Data extracts
···
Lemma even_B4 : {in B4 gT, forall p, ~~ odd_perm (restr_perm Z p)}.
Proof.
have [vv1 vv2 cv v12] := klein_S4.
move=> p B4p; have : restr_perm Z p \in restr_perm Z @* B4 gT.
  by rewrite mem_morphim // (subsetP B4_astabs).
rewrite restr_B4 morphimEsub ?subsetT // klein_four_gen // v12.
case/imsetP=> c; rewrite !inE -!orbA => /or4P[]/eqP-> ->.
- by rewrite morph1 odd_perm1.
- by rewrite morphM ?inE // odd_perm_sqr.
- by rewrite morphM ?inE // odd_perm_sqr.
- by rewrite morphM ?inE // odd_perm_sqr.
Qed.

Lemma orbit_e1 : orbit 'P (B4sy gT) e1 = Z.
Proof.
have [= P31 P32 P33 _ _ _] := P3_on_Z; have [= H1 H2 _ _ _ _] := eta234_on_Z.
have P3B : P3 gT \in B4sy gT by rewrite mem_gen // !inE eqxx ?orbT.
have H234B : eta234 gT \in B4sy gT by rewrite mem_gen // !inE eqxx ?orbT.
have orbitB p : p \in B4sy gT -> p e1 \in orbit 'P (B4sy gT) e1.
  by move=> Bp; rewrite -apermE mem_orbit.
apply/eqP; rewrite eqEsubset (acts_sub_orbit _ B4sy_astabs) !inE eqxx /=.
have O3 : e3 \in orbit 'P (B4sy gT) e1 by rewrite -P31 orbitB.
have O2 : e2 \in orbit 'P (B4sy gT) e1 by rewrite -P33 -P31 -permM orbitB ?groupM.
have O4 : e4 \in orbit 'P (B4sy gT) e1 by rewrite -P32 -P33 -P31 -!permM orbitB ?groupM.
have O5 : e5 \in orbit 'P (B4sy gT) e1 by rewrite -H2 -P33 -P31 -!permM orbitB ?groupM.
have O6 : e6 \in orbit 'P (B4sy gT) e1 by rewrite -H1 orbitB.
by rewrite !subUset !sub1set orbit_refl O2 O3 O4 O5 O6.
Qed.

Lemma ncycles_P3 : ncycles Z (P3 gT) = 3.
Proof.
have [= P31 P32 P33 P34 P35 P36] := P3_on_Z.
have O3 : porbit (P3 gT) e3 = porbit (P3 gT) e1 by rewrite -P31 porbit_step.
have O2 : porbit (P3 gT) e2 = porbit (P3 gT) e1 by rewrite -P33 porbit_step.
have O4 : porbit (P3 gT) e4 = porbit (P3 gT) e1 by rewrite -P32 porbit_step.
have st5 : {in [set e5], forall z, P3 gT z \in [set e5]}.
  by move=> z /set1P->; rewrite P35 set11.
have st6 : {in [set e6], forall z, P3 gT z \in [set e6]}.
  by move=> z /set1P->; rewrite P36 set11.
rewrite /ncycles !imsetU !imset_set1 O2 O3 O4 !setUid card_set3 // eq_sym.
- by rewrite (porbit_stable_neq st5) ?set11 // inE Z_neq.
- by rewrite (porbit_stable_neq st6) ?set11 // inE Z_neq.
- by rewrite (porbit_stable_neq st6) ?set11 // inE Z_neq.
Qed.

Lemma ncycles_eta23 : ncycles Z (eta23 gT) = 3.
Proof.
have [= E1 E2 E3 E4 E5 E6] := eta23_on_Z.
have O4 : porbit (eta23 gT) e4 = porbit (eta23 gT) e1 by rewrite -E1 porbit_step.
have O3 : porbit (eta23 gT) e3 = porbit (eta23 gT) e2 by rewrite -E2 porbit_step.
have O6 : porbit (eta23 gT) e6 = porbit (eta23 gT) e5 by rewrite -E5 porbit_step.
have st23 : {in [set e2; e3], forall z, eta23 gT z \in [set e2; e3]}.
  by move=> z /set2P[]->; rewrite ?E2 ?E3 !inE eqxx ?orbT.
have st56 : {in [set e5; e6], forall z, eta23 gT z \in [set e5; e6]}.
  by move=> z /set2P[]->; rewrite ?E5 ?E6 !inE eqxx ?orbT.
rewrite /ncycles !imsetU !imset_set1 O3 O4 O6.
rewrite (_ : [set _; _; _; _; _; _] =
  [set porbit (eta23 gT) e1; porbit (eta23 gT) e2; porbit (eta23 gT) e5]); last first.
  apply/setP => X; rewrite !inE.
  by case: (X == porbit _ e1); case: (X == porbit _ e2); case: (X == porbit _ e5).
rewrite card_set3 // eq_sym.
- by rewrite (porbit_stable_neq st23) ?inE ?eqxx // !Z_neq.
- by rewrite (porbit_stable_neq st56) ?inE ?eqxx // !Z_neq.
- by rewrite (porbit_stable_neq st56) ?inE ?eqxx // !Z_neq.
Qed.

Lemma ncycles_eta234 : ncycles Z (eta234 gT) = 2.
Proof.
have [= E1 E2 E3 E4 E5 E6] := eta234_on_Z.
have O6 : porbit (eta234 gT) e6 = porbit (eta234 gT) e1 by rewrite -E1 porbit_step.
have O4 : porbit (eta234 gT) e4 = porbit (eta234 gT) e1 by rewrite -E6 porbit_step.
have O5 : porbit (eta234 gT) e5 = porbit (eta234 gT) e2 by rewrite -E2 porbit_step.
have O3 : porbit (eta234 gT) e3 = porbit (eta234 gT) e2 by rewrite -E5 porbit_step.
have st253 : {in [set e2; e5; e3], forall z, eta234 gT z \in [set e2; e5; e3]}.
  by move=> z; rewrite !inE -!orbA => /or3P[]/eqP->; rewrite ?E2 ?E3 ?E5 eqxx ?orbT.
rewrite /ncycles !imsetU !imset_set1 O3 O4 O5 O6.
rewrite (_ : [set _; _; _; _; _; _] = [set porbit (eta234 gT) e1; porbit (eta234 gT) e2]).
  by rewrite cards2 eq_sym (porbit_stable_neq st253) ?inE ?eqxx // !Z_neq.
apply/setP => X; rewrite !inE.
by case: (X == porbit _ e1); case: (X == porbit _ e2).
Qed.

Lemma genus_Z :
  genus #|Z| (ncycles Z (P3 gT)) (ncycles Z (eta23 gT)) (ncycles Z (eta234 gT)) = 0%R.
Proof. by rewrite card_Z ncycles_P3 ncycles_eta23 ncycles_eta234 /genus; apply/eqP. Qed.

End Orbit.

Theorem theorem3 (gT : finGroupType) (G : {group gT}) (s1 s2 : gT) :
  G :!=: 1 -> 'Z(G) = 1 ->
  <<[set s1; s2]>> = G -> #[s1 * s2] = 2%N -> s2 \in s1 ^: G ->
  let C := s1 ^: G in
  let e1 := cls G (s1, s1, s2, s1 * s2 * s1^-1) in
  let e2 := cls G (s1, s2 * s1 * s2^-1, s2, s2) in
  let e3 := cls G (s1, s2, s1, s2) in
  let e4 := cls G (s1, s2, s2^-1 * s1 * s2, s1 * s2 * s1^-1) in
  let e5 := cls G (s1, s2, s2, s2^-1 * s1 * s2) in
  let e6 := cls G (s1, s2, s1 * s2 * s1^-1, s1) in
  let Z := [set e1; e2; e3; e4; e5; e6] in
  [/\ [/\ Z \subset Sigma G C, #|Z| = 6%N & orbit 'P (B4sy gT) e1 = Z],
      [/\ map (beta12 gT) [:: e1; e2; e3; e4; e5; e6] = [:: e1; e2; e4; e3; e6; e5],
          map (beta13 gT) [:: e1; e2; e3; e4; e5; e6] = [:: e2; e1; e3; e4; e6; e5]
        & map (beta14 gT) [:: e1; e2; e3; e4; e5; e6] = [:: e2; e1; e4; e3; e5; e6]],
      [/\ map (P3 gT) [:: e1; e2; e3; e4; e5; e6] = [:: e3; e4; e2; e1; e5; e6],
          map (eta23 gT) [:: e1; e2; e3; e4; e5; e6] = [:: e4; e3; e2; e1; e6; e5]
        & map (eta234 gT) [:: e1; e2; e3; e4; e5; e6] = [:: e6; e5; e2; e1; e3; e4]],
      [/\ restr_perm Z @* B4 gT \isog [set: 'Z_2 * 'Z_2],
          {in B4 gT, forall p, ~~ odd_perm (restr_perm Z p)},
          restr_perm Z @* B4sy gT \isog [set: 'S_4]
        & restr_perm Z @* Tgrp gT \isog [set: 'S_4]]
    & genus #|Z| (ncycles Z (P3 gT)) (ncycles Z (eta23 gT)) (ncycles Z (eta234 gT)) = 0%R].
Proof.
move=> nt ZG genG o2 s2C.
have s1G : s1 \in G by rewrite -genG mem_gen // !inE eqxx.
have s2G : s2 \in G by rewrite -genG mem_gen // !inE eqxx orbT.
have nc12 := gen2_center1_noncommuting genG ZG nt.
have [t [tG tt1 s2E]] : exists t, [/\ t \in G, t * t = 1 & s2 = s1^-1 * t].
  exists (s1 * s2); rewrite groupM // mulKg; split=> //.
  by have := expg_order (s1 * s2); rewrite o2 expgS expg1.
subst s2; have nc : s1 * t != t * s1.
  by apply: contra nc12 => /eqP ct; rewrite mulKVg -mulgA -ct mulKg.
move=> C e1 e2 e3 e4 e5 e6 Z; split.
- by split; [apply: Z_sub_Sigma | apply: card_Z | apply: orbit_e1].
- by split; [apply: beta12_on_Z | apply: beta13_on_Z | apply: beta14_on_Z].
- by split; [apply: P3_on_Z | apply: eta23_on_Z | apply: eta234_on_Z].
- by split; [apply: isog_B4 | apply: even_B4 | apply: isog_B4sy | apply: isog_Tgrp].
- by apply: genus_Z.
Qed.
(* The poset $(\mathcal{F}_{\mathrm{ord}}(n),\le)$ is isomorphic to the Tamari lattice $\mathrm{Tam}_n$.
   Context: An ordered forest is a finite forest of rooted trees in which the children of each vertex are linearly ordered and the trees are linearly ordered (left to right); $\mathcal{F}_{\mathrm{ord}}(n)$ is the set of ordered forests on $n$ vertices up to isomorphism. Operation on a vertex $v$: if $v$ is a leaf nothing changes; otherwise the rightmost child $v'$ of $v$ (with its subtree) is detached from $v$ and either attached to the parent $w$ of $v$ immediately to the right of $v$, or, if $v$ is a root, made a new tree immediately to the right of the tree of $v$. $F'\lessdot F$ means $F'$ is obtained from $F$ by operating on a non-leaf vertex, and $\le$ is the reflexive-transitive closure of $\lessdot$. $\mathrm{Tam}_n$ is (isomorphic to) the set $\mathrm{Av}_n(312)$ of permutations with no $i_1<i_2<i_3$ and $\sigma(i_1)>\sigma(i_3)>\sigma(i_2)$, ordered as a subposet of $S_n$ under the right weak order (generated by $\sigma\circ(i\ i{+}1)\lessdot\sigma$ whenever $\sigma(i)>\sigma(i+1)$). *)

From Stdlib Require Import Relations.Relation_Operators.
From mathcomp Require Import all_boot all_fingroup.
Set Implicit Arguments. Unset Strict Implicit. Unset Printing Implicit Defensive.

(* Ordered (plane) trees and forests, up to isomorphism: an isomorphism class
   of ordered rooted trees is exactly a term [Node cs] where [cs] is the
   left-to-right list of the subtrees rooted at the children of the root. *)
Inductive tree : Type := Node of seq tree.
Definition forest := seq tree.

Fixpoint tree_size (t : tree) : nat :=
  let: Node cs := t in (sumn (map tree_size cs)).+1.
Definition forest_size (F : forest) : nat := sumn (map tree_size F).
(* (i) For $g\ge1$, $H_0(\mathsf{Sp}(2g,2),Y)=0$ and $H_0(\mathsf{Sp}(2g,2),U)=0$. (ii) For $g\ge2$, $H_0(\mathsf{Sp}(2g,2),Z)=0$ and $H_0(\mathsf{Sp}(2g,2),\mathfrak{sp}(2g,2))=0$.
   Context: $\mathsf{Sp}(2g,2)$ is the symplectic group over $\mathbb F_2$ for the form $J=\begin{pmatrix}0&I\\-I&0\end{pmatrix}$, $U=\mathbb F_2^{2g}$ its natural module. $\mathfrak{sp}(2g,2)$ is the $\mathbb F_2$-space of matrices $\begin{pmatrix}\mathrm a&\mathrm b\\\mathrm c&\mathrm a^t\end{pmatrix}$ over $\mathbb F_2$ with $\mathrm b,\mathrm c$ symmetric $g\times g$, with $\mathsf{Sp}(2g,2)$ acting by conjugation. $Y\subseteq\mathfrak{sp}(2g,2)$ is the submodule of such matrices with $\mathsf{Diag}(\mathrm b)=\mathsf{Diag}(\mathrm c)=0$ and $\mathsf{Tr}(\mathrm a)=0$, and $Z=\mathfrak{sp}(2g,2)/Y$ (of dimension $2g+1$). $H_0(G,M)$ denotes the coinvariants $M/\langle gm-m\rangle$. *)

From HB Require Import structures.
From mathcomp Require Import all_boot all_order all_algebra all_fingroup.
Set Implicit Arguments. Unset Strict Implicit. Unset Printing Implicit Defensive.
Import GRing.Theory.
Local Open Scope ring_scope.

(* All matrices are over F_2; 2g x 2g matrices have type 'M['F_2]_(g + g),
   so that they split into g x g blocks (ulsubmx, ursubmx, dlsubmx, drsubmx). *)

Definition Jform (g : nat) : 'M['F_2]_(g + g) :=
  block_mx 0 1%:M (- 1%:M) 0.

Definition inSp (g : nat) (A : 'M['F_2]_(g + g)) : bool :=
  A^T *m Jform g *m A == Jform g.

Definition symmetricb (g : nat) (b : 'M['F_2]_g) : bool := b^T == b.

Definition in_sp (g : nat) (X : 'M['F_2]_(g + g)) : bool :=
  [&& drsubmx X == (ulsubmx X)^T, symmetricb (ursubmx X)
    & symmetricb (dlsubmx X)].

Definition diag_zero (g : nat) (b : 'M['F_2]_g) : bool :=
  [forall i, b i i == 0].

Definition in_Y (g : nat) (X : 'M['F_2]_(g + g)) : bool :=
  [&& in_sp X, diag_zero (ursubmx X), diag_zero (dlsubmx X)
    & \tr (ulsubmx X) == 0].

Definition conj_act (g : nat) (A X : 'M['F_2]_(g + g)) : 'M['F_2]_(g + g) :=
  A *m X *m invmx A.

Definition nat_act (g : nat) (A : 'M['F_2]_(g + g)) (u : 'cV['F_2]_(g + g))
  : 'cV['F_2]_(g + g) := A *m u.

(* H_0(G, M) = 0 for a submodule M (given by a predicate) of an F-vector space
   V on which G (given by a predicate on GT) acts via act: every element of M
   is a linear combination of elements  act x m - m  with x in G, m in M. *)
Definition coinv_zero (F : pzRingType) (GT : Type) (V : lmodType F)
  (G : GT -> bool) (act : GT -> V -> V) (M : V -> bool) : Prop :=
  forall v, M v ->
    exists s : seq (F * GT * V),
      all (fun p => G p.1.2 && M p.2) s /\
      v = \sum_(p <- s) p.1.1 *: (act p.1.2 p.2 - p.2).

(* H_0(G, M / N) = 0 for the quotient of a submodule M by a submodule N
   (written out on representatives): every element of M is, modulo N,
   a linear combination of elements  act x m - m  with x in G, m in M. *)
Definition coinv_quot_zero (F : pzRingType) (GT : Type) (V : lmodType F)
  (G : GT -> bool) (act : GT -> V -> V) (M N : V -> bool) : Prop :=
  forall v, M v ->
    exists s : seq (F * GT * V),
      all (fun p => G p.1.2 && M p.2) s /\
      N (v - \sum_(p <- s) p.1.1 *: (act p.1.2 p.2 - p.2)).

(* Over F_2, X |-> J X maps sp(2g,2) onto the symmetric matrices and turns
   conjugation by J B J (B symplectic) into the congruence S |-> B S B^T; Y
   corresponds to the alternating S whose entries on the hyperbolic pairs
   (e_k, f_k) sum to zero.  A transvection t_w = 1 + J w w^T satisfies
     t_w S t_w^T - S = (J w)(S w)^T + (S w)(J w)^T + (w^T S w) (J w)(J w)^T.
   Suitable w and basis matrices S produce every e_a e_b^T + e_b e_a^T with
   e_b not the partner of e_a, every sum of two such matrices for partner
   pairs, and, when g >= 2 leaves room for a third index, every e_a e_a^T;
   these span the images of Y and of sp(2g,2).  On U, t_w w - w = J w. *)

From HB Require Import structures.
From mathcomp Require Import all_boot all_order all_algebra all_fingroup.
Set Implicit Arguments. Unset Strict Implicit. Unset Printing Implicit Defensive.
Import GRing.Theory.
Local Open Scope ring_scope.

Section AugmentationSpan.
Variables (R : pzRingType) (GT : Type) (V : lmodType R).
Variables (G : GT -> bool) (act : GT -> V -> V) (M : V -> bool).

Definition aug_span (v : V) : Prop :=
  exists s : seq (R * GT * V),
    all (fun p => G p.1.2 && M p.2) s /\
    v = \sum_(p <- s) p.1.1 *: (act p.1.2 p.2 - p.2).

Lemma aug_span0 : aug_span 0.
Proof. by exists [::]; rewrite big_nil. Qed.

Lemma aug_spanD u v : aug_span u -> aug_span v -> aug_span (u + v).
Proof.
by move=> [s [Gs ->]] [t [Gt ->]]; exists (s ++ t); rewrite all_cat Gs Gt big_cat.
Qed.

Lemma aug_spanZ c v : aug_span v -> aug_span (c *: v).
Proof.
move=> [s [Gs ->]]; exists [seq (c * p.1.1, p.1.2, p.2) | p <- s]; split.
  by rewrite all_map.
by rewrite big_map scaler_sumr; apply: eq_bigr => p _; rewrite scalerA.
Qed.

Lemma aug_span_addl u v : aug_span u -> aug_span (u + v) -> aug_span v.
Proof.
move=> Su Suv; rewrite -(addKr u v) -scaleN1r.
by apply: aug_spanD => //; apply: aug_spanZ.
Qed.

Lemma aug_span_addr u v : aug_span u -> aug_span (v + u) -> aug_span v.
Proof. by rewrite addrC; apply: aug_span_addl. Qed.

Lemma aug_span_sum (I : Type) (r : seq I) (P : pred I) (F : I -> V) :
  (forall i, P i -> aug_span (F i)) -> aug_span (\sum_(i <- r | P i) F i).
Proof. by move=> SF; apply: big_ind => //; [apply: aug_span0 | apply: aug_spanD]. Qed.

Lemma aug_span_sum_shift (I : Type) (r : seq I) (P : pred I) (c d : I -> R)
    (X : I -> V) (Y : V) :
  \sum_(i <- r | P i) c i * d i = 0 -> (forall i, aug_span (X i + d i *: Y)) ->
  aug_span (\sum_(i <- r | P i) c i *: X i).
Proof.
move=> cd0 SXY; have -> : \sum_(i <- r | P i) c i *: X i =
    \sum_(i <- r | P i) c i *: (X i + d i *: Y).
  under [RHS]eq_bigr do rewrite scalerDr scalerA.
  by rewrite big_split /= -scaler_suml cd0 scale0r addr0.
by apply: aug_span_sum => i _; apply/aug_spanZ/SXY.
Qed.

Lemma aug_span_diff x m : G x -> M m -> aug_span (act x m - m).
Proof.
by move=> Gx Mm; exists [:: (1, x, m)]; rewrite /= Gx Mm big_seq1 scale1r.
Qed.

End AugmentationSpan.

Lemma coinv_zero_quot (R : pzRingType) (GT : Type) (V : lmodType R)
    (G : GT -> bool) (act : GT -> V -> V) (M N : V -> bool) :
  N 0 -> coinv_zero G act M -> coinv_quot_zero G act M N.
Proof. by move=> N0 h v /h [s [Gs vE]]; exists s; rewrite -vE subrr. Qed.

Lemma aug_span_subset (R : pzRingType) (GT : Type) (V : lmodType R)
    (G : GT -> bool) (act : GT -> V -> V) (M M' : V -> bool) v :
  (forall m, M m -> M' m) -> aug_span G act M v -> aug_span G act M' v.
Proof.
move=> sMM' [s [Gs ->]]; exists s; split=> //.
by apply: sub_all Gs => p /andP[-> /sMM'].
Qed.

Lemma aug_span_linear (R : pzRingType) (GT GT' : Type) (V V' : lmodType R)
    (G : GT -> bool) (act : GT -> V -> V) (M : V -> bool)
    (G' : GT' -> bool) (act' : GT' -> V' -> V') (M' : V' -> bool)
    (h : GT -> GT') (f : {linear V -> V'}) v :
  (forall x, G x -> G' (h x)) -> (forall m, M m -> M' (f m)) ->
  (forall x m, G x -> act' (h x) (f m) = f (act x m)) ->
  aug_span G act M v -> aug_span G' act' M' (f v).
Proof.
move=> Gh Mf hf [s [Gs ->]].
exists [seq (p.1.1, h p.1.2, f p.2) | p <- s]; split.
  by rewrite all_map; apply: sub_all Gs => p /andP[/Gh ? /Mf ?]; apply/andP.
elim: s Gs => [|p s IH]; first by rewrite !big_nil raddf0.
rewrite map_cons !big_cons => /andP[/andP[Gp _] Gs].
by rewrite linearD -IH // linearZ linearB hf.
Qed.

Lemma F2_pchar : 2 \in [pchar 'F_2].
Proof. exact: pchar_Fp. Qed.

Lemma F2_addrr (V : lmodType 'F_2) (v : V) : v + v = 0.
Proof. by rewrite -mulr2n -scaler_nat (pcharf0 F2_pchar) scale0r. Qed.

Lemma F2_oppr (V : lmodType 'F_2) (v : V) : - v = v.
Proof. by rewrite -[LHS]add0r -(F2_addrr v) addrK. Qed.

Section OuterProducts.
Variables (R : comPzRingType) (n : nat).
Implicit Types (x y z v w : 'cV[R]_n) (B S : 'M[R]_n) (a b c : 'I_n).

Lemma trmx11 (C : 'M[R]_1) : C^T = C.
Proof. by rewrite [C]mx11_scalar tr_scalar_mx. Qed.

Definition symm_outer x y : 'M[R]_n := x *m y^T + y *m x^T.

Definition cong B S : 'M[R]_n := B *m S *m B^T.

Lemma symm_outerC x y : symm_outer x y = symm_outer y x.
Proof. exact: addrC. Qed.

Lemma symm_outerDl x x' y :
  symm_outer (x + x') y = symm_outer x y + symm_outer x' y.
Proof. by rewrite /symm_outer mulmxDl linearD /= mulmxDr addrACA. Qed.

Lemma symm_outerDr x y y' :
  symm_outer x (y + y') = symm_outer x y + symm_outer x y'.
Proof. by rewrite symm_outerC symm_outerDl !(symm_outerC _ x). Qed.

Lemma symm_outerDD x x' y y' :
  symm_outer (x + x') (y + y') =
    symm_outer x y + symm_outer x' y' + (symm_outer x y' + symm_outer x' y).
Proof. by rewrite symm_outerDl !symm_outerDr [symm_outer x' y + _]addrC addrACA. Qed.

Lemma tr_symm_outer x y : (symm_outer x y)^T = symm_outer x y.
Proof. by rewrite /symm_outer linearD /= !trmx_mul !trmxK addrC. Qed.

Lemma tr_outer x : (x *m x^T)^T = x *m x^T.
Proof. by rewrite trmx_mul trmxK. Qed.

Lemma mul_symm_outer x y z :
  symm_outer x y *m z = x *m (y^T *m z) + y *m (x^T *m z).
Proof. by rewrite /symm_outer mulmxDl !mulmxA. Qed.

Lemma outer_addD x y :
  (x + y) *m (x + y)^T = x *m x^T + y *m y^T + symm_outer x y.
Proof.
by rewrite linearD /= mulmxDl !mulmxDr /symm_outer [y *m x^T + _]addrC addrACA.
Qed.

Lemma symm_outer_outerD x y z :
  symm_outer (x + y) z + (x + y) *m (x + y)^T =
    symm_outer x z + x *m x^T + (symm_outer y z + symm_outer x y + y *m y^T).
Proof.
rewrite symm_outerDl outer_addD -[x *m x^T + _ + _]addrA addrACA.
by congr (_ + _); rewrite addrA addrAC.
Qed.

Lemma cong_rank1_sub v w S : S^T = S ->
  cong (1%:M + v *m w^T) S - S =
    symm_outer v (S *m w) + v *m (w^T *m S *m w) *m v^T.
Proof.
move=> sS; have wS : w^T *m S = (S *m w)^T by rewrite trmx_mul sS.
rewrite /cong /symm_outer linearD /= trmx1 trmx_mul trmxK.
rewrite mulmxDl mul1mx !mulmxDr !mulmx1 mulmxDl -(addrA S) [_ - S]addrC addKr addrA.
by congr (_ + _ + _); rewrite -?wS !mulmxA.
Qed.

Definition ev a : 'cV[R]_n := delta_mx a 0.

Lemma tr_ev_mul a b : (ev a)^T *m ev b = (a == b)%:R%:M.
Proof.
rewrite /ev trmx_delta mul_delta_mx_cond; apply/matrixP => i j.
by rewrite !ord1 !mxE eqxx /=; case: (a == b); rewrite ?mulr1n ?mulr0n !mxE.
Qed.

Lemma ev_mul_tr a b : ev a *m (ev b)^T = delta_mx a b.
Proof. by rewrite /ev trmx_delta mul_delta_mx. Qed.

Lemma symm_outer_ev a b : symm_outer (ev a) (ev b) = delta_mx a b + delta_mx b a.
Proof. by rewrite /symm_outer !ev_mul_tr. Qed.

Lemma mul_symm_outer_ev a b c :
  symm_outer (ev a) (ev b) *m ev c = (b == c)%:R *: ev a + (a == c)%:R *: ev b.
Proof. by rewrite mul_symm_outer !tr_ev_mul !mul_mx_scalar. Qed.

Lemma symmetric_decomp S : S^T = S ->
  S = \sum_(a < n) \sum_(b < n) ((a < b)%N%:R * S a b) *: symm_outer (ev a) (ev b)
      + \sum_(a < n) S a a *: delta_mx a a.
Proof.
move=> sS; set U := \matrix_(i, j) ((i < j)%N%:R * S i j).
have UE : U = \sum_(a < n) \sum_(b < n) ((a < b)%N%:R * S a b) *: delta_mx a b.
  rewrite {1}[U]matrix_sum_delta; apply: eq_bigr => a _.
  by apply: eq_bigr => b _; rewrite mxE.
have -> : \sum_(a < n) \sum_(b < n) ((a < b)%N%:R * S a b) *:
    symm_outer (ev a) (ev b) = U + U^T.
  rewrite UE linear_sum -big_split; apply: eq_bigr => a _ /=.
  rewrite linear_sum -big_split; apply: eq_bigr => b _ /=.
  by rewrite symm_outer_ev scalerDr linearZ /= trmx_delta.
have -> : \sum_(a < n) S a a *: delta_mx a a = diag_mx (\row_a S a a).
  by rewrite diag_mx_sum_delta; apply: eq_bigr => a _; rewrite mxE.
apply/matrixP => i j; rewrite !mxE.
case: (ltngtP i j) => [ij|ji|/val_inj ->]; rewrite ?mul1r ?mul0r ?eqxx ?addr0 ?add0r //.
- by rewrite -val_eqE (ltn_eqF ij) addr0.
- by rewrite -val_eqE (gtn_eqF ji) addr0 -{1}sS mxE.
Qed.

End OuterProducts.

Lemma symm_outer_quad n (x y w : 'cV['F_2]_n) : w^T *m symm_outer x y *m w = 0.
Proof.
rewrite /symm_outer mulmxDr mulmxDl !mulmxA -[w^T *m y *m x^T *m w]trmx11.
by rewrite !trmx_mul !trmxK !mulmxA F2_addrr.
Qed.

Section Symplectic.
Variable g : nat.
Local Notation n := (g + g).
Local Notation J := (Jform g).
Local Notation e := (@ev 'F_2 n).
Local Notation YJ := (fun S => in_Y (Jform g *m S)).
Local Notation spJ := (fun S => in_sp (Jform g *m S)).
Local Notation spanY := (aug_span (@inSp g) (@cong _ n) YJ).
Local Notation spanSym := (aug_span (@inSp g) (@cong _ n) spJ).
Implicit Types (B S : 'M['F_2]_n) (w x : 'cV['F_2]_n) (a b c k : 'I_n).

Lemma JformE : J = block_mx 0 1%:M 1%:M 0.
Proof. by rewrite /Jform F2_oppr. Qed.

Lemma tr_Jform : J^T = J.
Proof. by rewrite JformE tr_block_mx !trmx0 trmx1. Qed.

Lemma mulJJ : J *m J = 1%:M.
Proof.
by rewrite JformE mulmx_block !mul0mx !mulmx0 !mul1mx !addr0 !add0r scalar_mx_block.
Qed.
···
Directions
Your answer must consist solely of the lines from the top of the entries above through the line containing "rewrite /ncycles !imsetU !imset_set1 O2", copied exactly, both ends included.

Solution for this exercise
Lemma even_B4 : {in B4 gT, forall p, ~~ odd_perm (restr_perm Z p)}.
Proof.
have [vv1 vv2 cv v12] := klein_S4.
move=> p B4p; have : restr_perm Z p \in restr_perm Z @* B4 gT.
  by rewrite mem_morphim // (subsetP B4_astabs).
rewrite restr_B4 morphimEsub ?subsetT // klein_four_gen // v12.
case/imsetP=> c; rewrite !inE -!orbA => /or4P[]/eqP-> ->.
- by rewrite morph1 odd_perm1.
- by rewrite morphM ?inE // odd_perm_sqr.
- by rewrite morphM ?inE // odd_perm_sqr.
- by rewrite morphM ?inE // odd_perm_sqr.
Qed.

Lemma orbit_e1 : orbit 'P (B4sy gT) e1 = Z.
Proof.
have [= P31 P32 P33 _ _ _] := P3_on_Z; have [= H1 H2 _ _ _ _] := eta234_on_Z.
have P3B : P3 gT \in B4sy gT by rewrite mem_gen // !inE eqxx ?orbT.
have H234B : eta234 gT \in B4sy gT by rewrite mem_gen // !inE eqxx ?orbT.
have orbitB p : p \in B4sy gT -> p e1 \in orbit 'P (B4sy gT) e1.
  by move=> Bp; rewrite -apermE mem_orbit.
apply/eqP; rewrite eqEsubset (acts_sub_orbit _ B4sy_astabs) !inE eqxx /=.
have O3 : e3 \in orbit 'P (B4sy gT) e1 by rewrite -P31 orbitB.
have O2 : e2 \in orbit 'P (B4sy gT) e1 by rewrite -P33 -P31 -permM orbitB ?groupM.
have O4 : e4 \in orbit 'P (B4sy gT) e1 by rewrite -P32 -P33 -P31 -!permM orbitB ?groupM.
have O5 : e5 \in orbit 'P (B4sy gT) e1 by rewrite -H2 -P33 -P31 -!permM orbitB ?groupM.
have O6 : e6 \in orbit 'P (B4sy gT) e1 by rewrite -H1 orbitB.
by rewrite !subUset !sub1set orbit_refl O2 O3 O4 O5 O6.
Qed.

Lemma ncycles_P3 : ncycles Z (P3 gT) = 3.
Proof.
have [= P31 P32 P33 P34 P35 P36] := P3_on_Z.
have O3 : porbit (P3 gT) e3 = porbit (P3 gT) e1 by rewrite -P31 porbit_step.
have O2 : porbit (P3 gT) e2 = porbit (P3 gT) e1 by rewrite -P33 porbit_step.
have O4 : porbit (P3 gT) e4 = porbit (P3 gT) e1 by rewrite -P32 porbit_step.
have st5 : {in [set e5], forall z, P3 gT z \in [set e5]}.
  by move=> z /set1P->; rewrite P35 set11.
have st6 : {in [set e6], forall z, P3 gT z \in [set e6]}.
  by move=> z /set1P->; rewrite P36 set11.
rewrite /ncycles !imsetU !imset_set1 O2 O3 O4 !setUid card_set3 // eq_sym.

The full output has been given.